Lucy's an international celebrity; she's toured museums as a good-will ambassador. As a
spokeswoman for human evolution, what does she say?
Well I think the major message she brings to all the people who have an opportunity to see her or understand who
she was is that the evidence for human evolution is irrefutable. She broadcasts that loud and clear. And not only
Lucy, but many of the other fossils that have been found since, that we are all united by our past, that we all have a
common history and though we may be vastly different, our origins all lead back to the crucible of human evolution
that is Africa. She's announcing: "You are all my descendants and regardless of who we are, we are all, in fact today,
Africans."
How do you look at her? It's almost as though throughout the book, you view her, though she's an
ancestor, as your child?
Oh, exactly. She's an acquaintance, a good friend. I think one does develop an affinity to discoveries that one makes.
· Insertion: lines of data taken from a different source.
Let p_prime : prime p := pcharf_prime pF.

Lemma Fp_to_natr n : Fp_to F (n%:R : 'F_p) = n%:R.
Proof.
have val_n : val (n%:R : 'F_p) = (n %% p)%N by exact: val_Fp_nat.
by rewrite /Fp_to val_n GRing.natr_mod_pchar.
Qed.

Lemma Fp_to_nmod_morphism : nmod_morphism (Fp_to F : 'F_p -> F).
Proof.
split=> [|a b]; first by rewrite /Fp_to.
by rewrite -[a]natr_Zp -[b]natr_Zp -natrD !Fp_to_natr natrD.
Qed.

Lemma Fp_to_monoid_morphism : monoid_morphism (Fp_to F : 'F_p -> F).
Proof.
split=> [|a b]; first by rewrite -[1]mulr1n Fp_to_natr.
by rewrite -[a]natr_Zp -[b]natr_Zp -natrM !Fp_to_natr natrM.
Qed.

HB.instance Definition _ := GRing.isNmodMorphism.Build _ _ _ Fp_to_nmod_morphism.
HB.instance Definition _ := GRing.isMonoidMorphism.Build _ _ _ Fp_to_monoid_morphism.

End PrimeSubfield.

Section FiniteFieldCharacter.
Variables (p f : nat) (F : finFieldType) (lam : F) (zeta : algC) (P : {poly 'F_p}).
Hypotheses (pF : p \in [pchar F]) (cardF : #|F| = (p ^ f)%N).
Hypotheses (P_irr : irreducible_poly P) (P_size : size P = f.+1).
Hypothesis P_lam : root (map_poly (Fp_to F) P) lam.
Hypothesis zeta_prim : p.-primitive_root zeta.

Let p_prime : prime p := pcharf_prime pF.

Lemma lam_root_size_eq0 (Q : {poly 'F_p}) :
  (size Q <= f)%N -> root (map_poly (Fp_to F) Q) lam -> Q = 0.
Proof.
move=> Q_size; apply: contraTeq => Q_neq0.
have P_Q : coprimep P Q.
  rewrite irreducible_poly_coprime //; apply/negP => /(dvdp_leq Q_neq0).
  by rewrite P_size ltnNge Q_size.
by apply: coprimep_root P_lam; rewrite coprimep_map.
Qed.

Definition lam_comb (c : f.-tuple 'I_p) : F :=
  \sum_(i < f) (nat_of_ord (tnth c i))%:R * lam ^+ i.

Definition tuple_poly (c : f.-tuple 'I_p) : {poly 'F_p} :=
  \poly_(i < f) (nth 0%N (map val c) i)%:R.

Lemma nth_map_val_tuple (c : f.-tuple 'I_p) (i : 'I_f) :
  nth 0%N (map val c) i = tnth c i.
Proof. by rewrite (nth_map (tnth c i)) ?size_tuple // -tnth_nth. Qed.

Lemma lam_combE c : lam_comb c = (map_poly (Fp_to F) (tuple_poly c)).[lam].
Proof.
rewrite /tuple_poly poly_def rmorph_sum horner_sum; apply: eq_bigr => i _.
by rewrite /= map_polyZ map_polyXn hornerZ hornerXn rmorph_nat nth_map_val_tuple.
Qed.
She's so incredibly important in terms of our lives. How do I think of her? It's a very interesting question because if I
had the ability to travel back in time, with only one choice of a place to go, my answer is quite simple. I'd want to be
standing on the hill overlooking where Lucy and her cohorts were living when she fell into that lake and died. I'd like
to see what she looked like, though I don't think I'd want to get pretty close to her.
Here's a zinger: what makes us human?
What makes us human depends on what place on our evolutionary path we're talking about. If you go back six
million years ago, what makes us human is that we were walking up right. That's all. If you go to 2.6 million years
ago, it's the fact that we're designing and making stone tools. And at 2 million years ago what makes human is our
large brains that are at least two and half times the size of a chimp's. At twenty thousand years ago, what makes us
human is the ability to make beautiful cave art. It's all relational. And if you look at us today, I wonder if we are
human.
Where are we going as a species?
You'll have to call me after a few martinis [Laughs]. Where we are going as a species is a big question. Human
evolution certainly hasn't stopped. Every time individuals produce a new zygote, there's a reshuffling and
recombination of genes. And we don't know where all of that is going to take us.
1. Why was Lucy such an important discovery?
2. How do we know she was bipedal? Why would she still use trees?
3. What makes us human, in terms of looking at the fossil record? (What features are unique to the human line)?